Developers might mistake the definition of a unit with a single method. Unit tests should test the behavior of a component that might be composed of multiple different classes. Public methods accessible by other components need to be tested, do not test protected methods or classes. They are implementation details, not part of your public API.
Why should we even test?
If we write good tests and write them often, we can ensure the quality of our product before it sees the light of day.
As our system ages, the benefits of testing become more and more apparent. Our environments become reliable, they save development time and a lot of hair-pulling when inevitably things go wrong. Your colleagues will be thankful when they can take a peek at your tests and understand what your code should and shouldn’t do without having to manually run things.
Before we start talking about “robust code”, how should we define it? What makes code robust? Does that mean that we should program defensively and think about how other developers might abuse our code?
Robust code is always simple and clean. Simplicity is robust, complexity is fragile. We should handle invalid inputs, but that doesn’t mean that we need to program defensively and not trust our team.
Gall’s Law: A complex system that works is invariably found to have evolved from a simple system that worked.
The inverse proposition also appears to be true: a complex system designed from scratch never works and cannot be made to work. You have to start over, beginning with a working simple system.
When your code is covered by tests, you no longer fear changing existing code. After each change, you can run your tests and make sure you didn’t break stuff.
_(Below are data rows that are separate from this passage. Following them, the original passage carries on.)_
(* Let $\ell\in\mathbb{N}$ and let $\rho$ be a self-avoiding walk of length $\ell$ in $\mathbb{Z}^2$ such that $y(\rho_0)=\min_{0\le i\le\ell}y(\rho_i)$ and $y(\rho_\ell)=\max_{0\le i\le\ell}y(\rho_i)$. Let $h\in\mathbb{N}$. If $(j_1,k_1)\ne(j_2,k_2)$ are two right-detachable $\rho$-adjacencies of gap $h$, then $|k_2-k_1|\ge h$.
   Context: For a self-avoiding walk $\rho$ of length $\ell$ in $\mathbb{Z}^2$, an index pair $(j,k)$ with $0\le j<k\le\ell$ is a right-detachable $\rho$-adjacency of gap $k-j$ if: (i) $\{\rho_j,\rho_k\}$ are the endpoints of a vertical unit edge; (ii) letting $P$ be the unit square (plaquette) whose right side is this edge, the two horizontal edges of $P$ are traversed by $\rho$ and the two vertical edges of $P$ are not; (iii) the edge set obtained from the edges of $\rho$ by removing the two horizontal edges of $P$ and adding its two vertical edges is the disjoint union of a self-avoiding walk $\rho'$ and a self-avoiding polygon $Q$; (iv) for every positive integer $t$, the translate $Q+(t,0)$ is disjoint from $\rho'$. *)

From Stdlib Require Import ZArith Arith Lia.
Open Scope Z_scope.

Definition point := (Z * Z)%type.
Definition xc (p : point) : Z := fst p.
Definition yc (p : point) : Z := snd p.

Definition adj (p q : point) : Prop :=
  Z.abs (xc p - xc q) + Z.abs (yc p - yc q) = 1.

Definition same_edge (a b p q : point) : Prop :=
  (a = p /\ b = q) \/ (a = q /\ b = p).

(* A walk of length l is a map w : nat -> point, of which only w 0 .. w l
   matter.  It is self-avoiding if consecutive points are adjacent and the
   points w 0, ..., w l are pairwise distinct. *)
Definition SAW (w : nat -> point) (l : nat) : Prop :=
  (forall i, (i < l)%nat -> adj (w i) (w (S i))) /\
  (forall i j, (i <= l)%nat -> (j <= l)%nat -> w i = w j -> i = j).

Definition walk_edge (w : nat -> point) (l : nat) (p q : point) : Prop :=
  exists i, (i < l)%nat /\ same_edge (w i) (w (S i)) p q.

Definition walk_vertex (w : nat -> point) (l : nat) (v : point) : Prop :=
  exists i, (i <= l)%nat /\ w i = v.

Definition SAP (q : nat -> point) (m : nat) : Prop :=
  (3 <= m)%nat /\
  (forall i, (i < m)%nat -> adj (q i) (q ((S i) mod m)%nat)) /\
  (forall i j, (i < m)%nat -> (j < m)%nat -> q i = q j -> i = j).

Definition poly_edge (q : nat -> point) (m : nat) (a b : point) : Prop :=
  exists i, (i < m)%nat /\ same_edge (q i) (q ((S i) mod m)%nat) a b.

Definition poly_vertex (q : nat -> point) (m : nat) (v : point) : Prop :=
  exists i, (i < m)%nat /\ q i = v.

(* Plaquette P whose right side is the vertical edge {(x,y),(x,y+1)}:
   corners (x-1,y),(x,y),(x-1,y+1),(x,y+1). *)
Definition plaq_horizontal (x y : Z) (a b : point) : Prop :=
  same_edge (x - 1, y) (x, y) a b \/ same_edge (x - 1, y + 1) (x, y + 1) a b.

Definition plaq_vertical (x y : Z) (a b : point) : Prop :=
  same_edge (x, y) (x, y + 1) a b \/ same_edge (x - 1, y) (x - 1, y + 1) a b.

Definition swapped_edge (rho : nat -> point) (l : nat) (x y : Z)
  (a b : point) : Prop :=
  (walk_edge rho l a b /\ ~ plaq_horizontal x y a b) \/ plaq_vertical x y a b.

(* (j,k) is a right-detachable rho-adjacency (its gap is k - j). *)
Definition right_detachable (rho : nat -> point) (l j k : nat) : Prop :=
  (j < k)%nat /\ (k <= l)%nat /\
  exists x y : Z,
    same_edge (rho j) (rho k) (x, y) (x, y + 1) /\
    walk_edge rho l (x - 1, y) (x, y) /\
    walk_edge rho l (x - 1, y + 1) (x, y + 1) /\
    ~ walk_edge rho l (x, y) (x, y + 1) /\
    ~ walk_edge rho l (x - 1, y) (x - 1, y + 1) /\
    exists (rho' : nat -> point) (l' : nat) (q : nat -> point) (m : nat),
      SAW rho' l' /\ SAP q m /\
      (forall a b, swapped_edge rho l x y a b <->
                   (walk_edge rho' l' a b \/ poly_edge q m a b)) /\
      (forall v, ~ (walk_vertex rho' l' v /\ poly_vertex q m v)) /\
      (forall v, walk_vertex rho l v <->
                 (walk_vertex rho' l' v \/ poly_vertex q m v)) /\
      (forall t : Z, 0 < t -> forall v,
          poly_vertex q m v -> ~ walk_vertex rho' l' (xc v + t, yc v)).

From Stdlib Require Import ZArith Arith Lia Classical.

(* Swapping the horizontal sides of the plaquette for its vertical ones cuts rho at
   the two steps p < q crossing the plaquette, and each of the three resulting
   stretches of rho lies wholly in rho' or wholly in Q.  Since rho' has an endpoint and
   Q cannot be translated to the right into rho', Q is exactly the middle stretch
   rho_j, ..., rho_k (j = p + 1, k = q): it is entered from the left at rho_j and left
   to the left after rho_k, and each of its vertices lies strictly to the right of every
   other vertex of rho in the same row.
   If two such loops with gap h had |k2 - k1| < h, they would overlap.  Then the
   stretches rho_(j1), ..., rho_(j2 - 1) and rho_(k1 + 1), ..., rho_k2 would each lie to
   the right of the other on every common row, so they occupy disjoint sets of rows;
   as both are connected, this forces y(rho_j1) = y(rho_j2) and y(rho_k1) = y(rho_k2),
   whence x(rho_j1) < x(rho_j2) = x(rho_k2) < x(rho_k1) = x(rho_j1). *)

Definition left_nbr (v : point) : point := (xc v - 1, yc v).

Definition between (a b z : Z) : Prop := a <= z <= b \/ b <= z <= a.

Lemma point_eq (u v : point) : xc u = xc v -> yc u = yc v -> u = v.
Proof. destruct u, v; unfold xc, yc; simpl; intros -> ->; reflexivity. Qed.

Lemma adj_yc_step (u v : point) : adj u v -> Z.abs (yc v - yc u) <= 1.
Proof. unfold adj; lia. Qed.

Lemma same_edge_sym (a b u v : point) : same_edge a b u v -> same_edge u v a b.
Proof. unfold same_edge; intuition. Qed.

Lemma same_edge_flip (a b u v : point) : same_edge a b u v -> same_edge a b v u.
Proof. unfold same_edge; intuition. Qed.

Lemma SAW_inj (w : nat -> point) (l i j : nat) :
  SAW w l -> (i <= l)%nat -> (j <= l)%nat -> w i = w j -> i = j.
Proof. intros [_ Hinj]; apply Hinj. Qed.

Lemma SAW_edge_index_unique (w : nat -> point) (l i i' : nat) (a b : point) :
  SAW w l -> (i < l)%nat -> (i' < l)%nat ->
  same_edge (w i) (w (S i)) a b -> same_edge (w i') (w (S i')) a b -> i = i'.
Proof.
  intros Hs Hi Hi' [[E1 E2]|[E1 E2]] [[E3 E4]|[E3 E4]];
  try (apply (SAW_inj w l); [assumption | lia | lia | congruence]).
  all: assert (i = S i') by (apply (SAW_inj w l); [assumption | lia | lia | congruence]);
       assert (S i = i') by (apply (SAW_inj w l); [assumption | lia | lia | congruence]);
       lia.
Qed.

Lemma walk_edge_vertices (w : nat -> point) (l : nat) (a b : point) :
  walk_edge w l a b -> walk_vertex w l a /\ walk_vertex w l b.
Proof.
  intros [i [Hi [[<- <-]|[<- <-]]]]; split;
  solve [exists i; split; [lia | auto] | exists (S i); split; [lia | auto]].
Qed.

Lemma poly_edge_vertices (Q : nat -> point) (m : nat) (a b : point) :
  poly_edge Q m a b -> poly_vertex Q m a /\ poly_vertex Q m b.
Proof.
  intros [i [Hi Hab]].
  assert (Hmod : (S i mod m < m)%nat) by (apply Nat.mod_upper_bound; lia).
  destruct Hab as [[<- <-]|[<- <-]]; split;
  solve [exists i; split; [lia | auto] | exists (S i mod m)%nat; split; [lia | auto]].
Qed.

Lemma SAW_start_neighbour_unique (w : nat -> point) (l : nat) (u v : point) :
  SAW w l -> walk_edge w l (w 0%nat) u -> walk_edge w l (w 0%nat) v -> u = v.
Proof.
  intros Hs.
  assert (Hnbr : forall u, walk_edge w l (w 0%nat) u -> u = w 1%nat).
  { intros u' [i [Hi [[E1 E2]|[E1 E2]]]].
    - assert (i = 0%nat) by (apply (SAW_inj w l); [assumption | lia | lia | exact E1]).
      subst i; congruence.
    - assert (S i = 0%nat) by (apply (SAW_inj w l); [assumption | lia | lia | exact E2]).
      lia. }
  intros Hu Hv; rewrite (Hnbr u Hu), (Hnbr v Hv); reflexivity.
Qed.

Lemma swapped_edge_sym (rho : nat -> point) (l : nat) (x y : Z) (a b : point) :
  swapped_edge rho l x y a b -> swapped_edge rho l x y b a.
Proof.
  intros [[[i [Hi Hab]] Hnh] | [Hv | Hv]].
  - left; split.
    + exists i; split; [exact Hi | now apply same_edge_flip].
    + intros [Hh | Hh]; apply Hnh; [left | right]; now apply same_edge_flip.
  - right; left; now apply same_edge_flip.
  - right; right; now apply same_edge_flip.
Qed.

Record right_detached_loop (rho : nat -> point) (l j k : nat) : Prop := {
  loop_bounds : (0 < j < k)%nat /\ (k < l)%nat;
  loop_enter : rho (j - 1)%nat = left_nbr (rho j);
  loop_exit : rho (S k) = left_nbr (rho k);
  loop_xc : xc (rho j) = xc (rho k);
  loop_yc : Z.abs (yc (rho j) - yc (rho k)) = 1;
  loop_rightmost : forall a b, (j <= a <= k)%nat -> (b <= l)%nat -> ~ (j <= b <= k)%nat ->
    yc (rho b) = yc (rho a) -> xc (rho b) < xc (rho a)
}.

Section DetachedBlock.

Variables (rho : nat -> point) (l : nat).
(* [PV], [WV] and [Sg] stand for the vertices of Q, the vertices of rho' and the
   swapped edge set; the point [w] of [Hend] is an endpoint of rho'. *)
Variables (PV WV : point -> Prop) (Sg : point -> point -> Prop).

Hypothesis Hsaw : SAW rho l.
Hypothesis Hpart : forall v, walk_vertex rho l v <-> WV v \/ PV v.
Hypothesis Hdisj : forall v, ~ (WV v /\ PV v).
Hypothesis HPV : exists v, PV v.
Hypothesis Hend : exists w, WV w /\ forall u v, Sg w u -> Sg w v -> u = v.
Hypothesis Sg_PV : forall a b, Sg a b -> (PV a <-> PV b).
Hypothesis Sg_sym : forall a b, Sg a b -> Sg b a.
Hypothesis Hright : forall v w, PV v -> WV w -> yc w = yc v -> xc w <= xc v.

Variables p q : nat.
Hypothesis Hpq : (p < q)%nat.
Hypothesis Hql : (q < l)%nat.
Hypothesis Hstep : forall i, (i < l)%nat -> i <> p -> i <> q -> Sg (rho i) (rho (S i)).

Lemma PV_const u v : (u <= v <= l)%nat -> (forall i, (u <= i < v)%nat -> i <> p /\ i <> q) ->
  (PV (rho u) <-> PV (rho v)).
Proof.
  intros Huv Hno. induction v as [|v IH].
  - replace u with 0%nat by lia; reflexivity.
  - destruct (Nat.eq_dec u (S v)) as [-> | Hne]; [reflexivity |].
    destruct (Hno v ltac:(lia)) as [Hvp Hvq].
    rewrite (IH ltac:(lia) (fun i Hi => Hno i ltac:(lia))).
    apply Sg_PV, Hstep; lia.
Qed.

Lemma PV_by_block i : (i <= l)%nat ->
  (i <= p)%nat /\ (PV (rho i) <-> PV (rho p)) \/
  (p < i <= q)%nat /\ (PV (rho i) <-> PV (rho (S p))) \/
  (q < i)%nat /\ (PV (rho i) <-> PV (rho (S q))).
Proof.
  intros Hi. destruct (le_lt_dec i p); [| destruct (le_lt_dec i q)].
  - left; split; [lia |]. apply PV_const; intros; lia.
  - right; left; split; [lia |]. symmetry; apply PV_const; intros; lia.
  - right; right; split; [lia |]. symmetry; apply PV_const; intros; lia.
Qed.

Lemma PV_blocks_not_uniform :
  (PV (rho p) <-> PV (rho (S p))) -> (PV (rho (S p)) <-> PV (rho (S q))) -> False.
Proof.
  intros E1 E2.
  assert (Huniform : forall i, (i <= l)%nat -> (PV (rho i) <-> PV (rho p)))
    by (intros i Hi; destruct (PV_by_block i Hi) as [[_ E] | [[_ E] | [_ E]]]; tauto).
  destruct Hend as [w [Hw _]], HPV as [v Hv].
  destruct (proj2 (Hpart w) (or_introl Hw)) as [i [Hi <-]].
  destruct (proj2 (Hpart v) (or_intror Hv)) as [i' [Hi' <-]].
  apply (Hdisj (rho i)); split; [exact Hw |].
  apply (Huniform i Hi), (Huniform i' Hi'), Hv.
Qed.

Lemma middle_block_two_neighbours :
  (S p < q)%nat -> Sg (rho (S p)) (rho q) ->
  (forall i, (i < l)%nat -> ~ same_edge (rho i) (rho (S i)) (rho (S p)) (rho q)) ->
  forall i, (p < i <= q)%nat -> exists u v, u <> v /\ Sg (rho i) u /\ Sg (rho i) v.
Proof.
  intros Hlong Hclose Hunwalked i Hi.
  assert (Hback : forall n, (S p < n <= q)%nat -> Sg (rho n) (rho (n - 1)%nat)).
  { intros n Hn. apply Sg_sym.
    replace n with (S (n - 1)) at 2 by lia. apply Hstep; lia. }
  assert (Hshort : S (S p) <> q)
    by (intros E; apply (Hunwalked (S p)); [lia | left; rewrite E; split; reflexivity]).
  destruct (Nat.eq_dec i (S p)) as [-> | Hip]; [| destruct (Nat.eq_dec i q) as [-> | Hiq]].
  - exists (rho (S (S p))), (rho q); repeat split.
    + intros E; apply Hshort, (SAW_inj rho l); [assumption | lia | lia | exact E].
    + apply Hstep; lia.
    + exact Hclose.
  - exists (rho (q - 1)%nat), (rho (S p)); repeat split.
    + intros E. apply Hshort.
      enough ((q - 1)%nat = S p) by lia.
      apply (SAW_inj rho l); [assumption | lia | lia | exact E].
    + apply Hback; lia.
    + apply Sg_sym, Hclose.
  - exists (rho (i - 1)%nat), (rho (S i)); repeat split.
    + intros E.
      enough ((i - 1)%nat = S i) by lia.
      apply (SAW_inj rho l); [assumption | lia | lia | exact E].
    + apply Hback; lia.
    + apply Hstep; lia.
Qed.

(* The step p crosses the plaquette between its corners La and Ra, the step q between
   Lb and Rb; the L-corners form its left side, the R-corners its right side. *)
Variables La Ra Lb Rb : point.
Hypothesis HLa : La = left_nbr Ra.
Hypothesis HLb : Lb = left_nbr Rb.
Hypothesis Hcol_L : Sg La Lb.
Hypothesis Hcol_R : Sg Ra Rb.
Hypothesis HLab : La <> Lb.
Hypothesis HL_unwalked : forall i, (i < l)%nat -> ~ same_edge (rho i) (rho (S i)) La Lb.
Hypothesis Hp_edge : same_edge (rho p) (rho (S p)) La Ra.
Hypothesis Hq_edge : same_edge (rho q) (rho (S q)) Lb Rb.

Lemma PV_left_corner_right : PV La -> PV Ra.
Proof.
  intros HL.
  assert (HRv : walk_vertex rho l Ra).
  { destruct Hp_edge as [[_ E] | [E _]];
      [exists (S p) | exists p]; (split; [lia | exact E]). }
  destruct (proj1 (Hpart Ra) HRv) as [HW | HP]; [exfalso | exact HP].
  pose proof (Hright La Ra HL HW) as Hle.
  rewrite HLa in Hle; unfold left_nbr in Hle; simpl in Hle. lia.
Qed.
When you have tests, you don’t have to program defensively.
Refactoring without tests is going down a slippery slope that will end up in sleepless nights and working Sundays. This topic is too broad to be covered here and deserves a blog post of its own in the future.
How do we not write tests?
It is just as important to know how NOT to write unit tests, as it is how to write them.
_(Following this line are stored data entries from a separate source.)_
Lemma entryN m n (A : 'M[R]_(m, n)) i j : entry (- A) i j = - entry A i j.
Proof.
by rewrite /entry; case: (insub_ord m i) => [i'|]; case: (insub_ord n j) => [j'|];
  rewrite ?oppr0 ?mxE.
Qed.

Lemma entryM m n p (A : 'M[R]_(m, n)) (B : 'M[R]_(n, p)) i j :
  entry (A *m B) i j = \sum_(k < n) entry A i k * entry B k j.
Proof.
rewrite /entry; case: (insub_ord m i) => [i'|]; last by rewrite big1 // => k; rewrite mul0r.
case: (insub_ord p j) => [j'|]; last first.
  by rewrite big1 // => k _; case: (insub_ord n k) => [?|]; rewrite ?mulr0.
by rewrite mxE; apply: eq_bigr => k _; rewrite !insub_ord_val.
Qed.

Lemma pad_pad m n m' n' m'' n'' (A : 'M[R]_(m, n)) :
  (m <= m')%N -> (n <= n')%N -> (m' <= m'')%N -> (n' <= n'')%N ->
  pad m'' n'' (pad m' n' A) = pad m'' n'' A.
Proof. by move=> *; apply/matrixP => i j; rewrite !entryE !entry_pad_le //; lia. Qed.

Lemma mul_pad m n p (A : 'M[R]_(m, p)) (B : 'M[R]_(p, n)) m' n' :
  (m <= m')%N -> (n <= n')%N -> pad m' p A *m pad p n' B = pad m' n' (A *m B).
Proof.
move=> hm hn; apply/matrixP => i j; rewrite !entryE entryM entry_pad_le // entryM.
by apply: eq_bigr => k _; rewrite !entry_pad_le.
Qed.

End Padding.

Lemma entry_map_mx (R S : nzRingType) (f : {additive R -> S}) m n (A : 'M[R]_(m, n)) i j :
  entry (map_mx f A) i j = f (entry A i j).
Proof.
by rewrite /entry; case: (insub_ord m i) => [i'|]; case: (insub_ord n j) => [j'|];
  rewrite ?raddf0 ?mxE.
Qed.

Lemma map_pad (R S : nzRingType) (f : {additive R -> S}) m n m' n' (A : 'M[R]_(m, n)) :
  map_mx f (pad m' n' A) = pad m' n' (map_mx f A).
Proof.
apply/matrixP => i j; rewrite !entryE entry_map_mx !entry_pad.
by case: ifP; rewrite ?raddf0 // entry_map_mx.
Qed.

Section EvalInjective.
Variable R : numDomainType.

Definition mnm_drop_last n (m : 'X_{1..n.+1}) : 'X_{1..n} :=
  [multinom m (widen_ord (leqnSn n) i) | i < n].

Lemma mnm_eq_last n (m m' : 'X_{1..n.+1}) :
  (m' == m) = (mnm_drop_last m' == mnm_drop_last m) && (m' ord_max == m ord_max).
Proof.
apply/eqP/andP => [->//|[/eqP e1 /eqP e2]].
apply/mnmP => j; case: (ltnP j n) => hj.
  have -> : j = widen_ord (leqnSn n) (Ordinal hj) by apply: val_inj.
  by have := congr1 (fun x : 'X_{1..n} => x (Ordinal hj)) e1; rewrite !mnmE.
by have -> : j = ord_max by apply: val_inj => /=; have := ltn_ord j; lia.
Qed.

Lemma mcoeff_muni n (p : {mpoly R[n.+1]}) m :
  p@_m = ((muni p)`_(m ord_max))@_(mnm_drop_last m).
Proof.
have mcoeff_sum m0 : p@_m0 = \sum_(m' <- msupp p) p@_m' * (m' == m0)%:R.
  rewrite [in LHS](mpolyE p) raddf_sum; apply: eq_bigr => m' _.
  by rewrite /= mcoeffZ mcoeffX.
rewrite muniE coef_sum raddf_sum mcoeff_sum; apply: eq_bigr => m' _.
rewrite /= coefZ coefXn [in RHS]mulr_natr mcoeffMn mcoeffZ mcoeffX mnm_eq_last.
rewrite -/(mnm_drop_last m') (eq_sym (m ord_max)).
by case: (_ == _); case: (_ == _); rewrite ?mulr0 ?mulr1 ?mulr0n ?mulr1n.
Qed.

Lemma meval_muni n (p : {mpoly R[n.+1]}) v :
  p.@[v] = (map_poly (meval (fun i => v (widen_ord (leqnSn n) i))) (muni p)).[v ord_max].
Proof.
rewrite muniE raddf_sum horner_sum mevalE; apply: eq_bigr => m _.
rewrite /= -mul_polyC rmorphM /= map_polyC map_polyXn hornerCM hornerXn /= mevalZ mevalX -mulrA.
congr (_ * _); rewrite big_ord_recr /=; congr (_ * _).
by apply: eq_bigr => i _; rewrite mnmE.
Qed.

(* Induction on n through [muni]: a univariate polynomial vanishing at the
   distinct points 0, 1, 2, ... of R is zero. *)
Lemma meval_eq0 n (p : {mpoly R[n]}) : (forall v, p.@[v] = 0) -> p = 0.
Proof.
elim: n p => [|n IH] p p0.
  have pC : p = (p@_0%MM)%:MP.
    apply/mpolyP => m; have -> : m = 0%MM by apply/mnmP => -[].
    by rewrite mcoeffC eqxx mulr1.
  by rewrite pC (_ : p@_0%MM = 0) ?mpolyC0 // -(p0 (fun _ => 0)) [in RHS]pC mevalC.
suff coef_muni0 k : (muni p)`_k = 0.
  by apply/mpolyP => m; rewrite mcoeff_muni coef_muni0 !mcoeff0.
apply: IH => v; set P := map_poly (meval v) (muni p).
have -> : ((muni p)`_k).@[v] = P`_k by rewrite coef_map.
suff -> : P = 0 by rewrite coef0.
have P0 x : P.[x] = 0.
  pose w (j : 'I_n.+1) := if insub_ord n j is Some i then v i else x.
  rewrite -(p0 w) meval_muni /P /w /= insub_ord_out //; congr (_.[_]).
  by apply: eq_map_poly => q; apply: meval_eq => j; rewrite /= insub_ord_val.
apply: (@roots_geq_poly_eq0 _ _ [seq i%:R | i <- iota 0 (size P)]).
- by apply/allP => x _; rewrite /root P0.
- by rewrite map_inj_uniq ?iota_uniq // => a b /eqP; rewrite eqr_nat => /eqP.
- by rewrite size_map size_iota.
Qed.

Lemma mpoly_meval_inj n (p q : {mpoly R[n]}) : (forall v, p.@[v] = q.@[v]) -> p = q.
Proof.
move=> pq; apply/eqP; rewrite -subr_eq0; apply/eqP/meval_eq0 => v.
by rewrite mevalB pq subrr.
Qed.

End EvalInjective.

Lemma mderivXU (R : comNzRingType) n (i k : 'I_n) :
  ('X_i : {mpoly R[n]})^`M(k) = (i == k)%:R.
Proof.
rewrite mderivX mnm1E; case: eqP => [->|_]; last by rewrite scale0r.
suff -> : (U_(k) - U_(k))%MM = 0%MM by rewrite mpolyX0 scale1r.
by apply/mnmP => j; rewrite mnmBE mnm0E subnn.
Qed.

Lemma mderiv_comp (R : comNzRingType) n n' (t : n'.-tuple {mpoly R[n]}) x (p : {mpoly R[n']}) :
  (p \mPo t)^`M(x) = \sum_(k < n') (p^`M(k) \mPo t) * (tnth t k)^`M(x).
Proof.
pose chain q := (q \mPo t)^`M(x) = \sum_(k < n') (q^`M(k) \mPo t) * (tnth t k)^`M(x).
have chainC c : chain c%:MP.
  rewrite /chain comp_mpolyC mderivC big1 // => k _.
  by rewrite mderivC comp_mpolyC mul0r.
have chainD q r : chain q -> chain r -> chain (q + r).
  rewrite /chain => Hq Hr; rewrite raddfD /= mderivD Hq Hr -big_split /=.
  by apply: eq_bigr => k _; rewrite mderivD raddfD mulrDl.
have chainM q r : chain q -> chain r -> chain (q * r).
  rewrite /chain => Hq Hr; rewrite rmorphM /= mderivM Hq Hr.
  rewrite mulr_suml mulr_sumr -big_split /=; apply: eq_bigr => k _.
  by rewrite mderivM raddfD /= !rmorphM /=; ring.
have chainX i : chain 'X_i.
  rewrite /chain comp_mpolyXU -tnth_nth (bigD1 i) //= big1 ?addr0.
    by rewrite mderivXU eqxx rmorph1 mul1r.
  by move=> k ki; rewrite mderivXU eq_sym (negbTE ki) rmorph0 mul0r.
rewrite [p]mpolyE; apply: (big_ind chain) => [|//|m _]; first by rewrite -mpolyC0.
rewrite -mul_mpolyC mpolyXE_id; apply: (chainM) => //.
apply: (big_ind chain) => [|//|i _]; first by rewrite -mpolyC1.
by elim: (m i) => [|e IH]; rewrite ?expr0 -?mpolyC1 // exprS; apply: chainM.
Qed.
- Writing a test that prints the result of a method call is not a test since we do not validate the desired outcome.
- If your test reads data from a file in your Documents folder, it isn’t a real unit test since tests should not depend on the environment.
- Any developer should be able to check out your code and run the tests successfully without doing anything else.
- Every unit test should be independent of other tests. That implies that the execution order of your tests also shouldn’t matter.
- Running tests multiple times should always end with the same results if we don’t change any code.
- Unit tests should test behaviors, not individual method calls. Not every class and method needs to have its test.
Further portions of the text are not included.